The result should be an exact copy of the lines from the one with "by apply: p_valuation_ring_is_p_val_ring" through the last line of the data below, both included.

(Information Opens)

Theorem theorem2p6 (p : nat) (A : idomainType) :
  prime p ->
  (forall n : nat, (0 < n)%N -> (n%:R : A) \is a GRing.unit) ->
  [/\ (forall B : {fraction A} -> Prop,
         is_p_val_ring p B -> good_p_div p (div_of_ring B)),
      (forall dv : A -> A -> Prop,
         good_p_div p dv -> is_p_val_ring p (ring_of_div dv)),
      (forall B : {fraction A} -> Prop,
         is_p_val_ring p B ->
         forall x, ring_of_div (div_of_ring B) x <-> B x)
    & (forall dv : A -> A -> Prop,
         good_p_div p dv ->
         forall a b, div_of_ring (ring_of_div dv) a b <-> dv a b)].
Proof.
move=> p_pr nat_unit.
have pA_neq0 : (p%:R : A) != 0.
  by apply: contraTneq (nat_unit p (prime_gt0 p_pr)) => ->; rewrite unitr0.
split.
- move=> B /is_p_val_ring_p_valuation_ring.
  exact: p_valuation_ring_good_p_div.
- move=> dv /(good_p_div_p_valuation_ring p_pr pA_neq0) hpv.
  by apply: p_valuation_ring_is_p_val_ring => //; case: hpv.
- move=> B /is_p_val_ring_p_valuation_ring [hB _ _ _ _] x.
  exact: ring_of_div_of_ring.
- by move=> dv [[hd _ _] htot hcanc hsupp] a b; apply: div_of_ring_of_div.
Qed.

(Information Closes)

> _Exercise response_
  by apply: p_valuation_ring_is_p_val_ring => //; case: hpv.
- move=> B /is_p_val_ring_p_valuation_ring [hB _ _ _ _] x.
  exact: ring_of_div_of_ring.
- by move=> dv [[hd _ _] htot hcanc hsupp] a b; apply: div_of_ring_of_div.
Qed.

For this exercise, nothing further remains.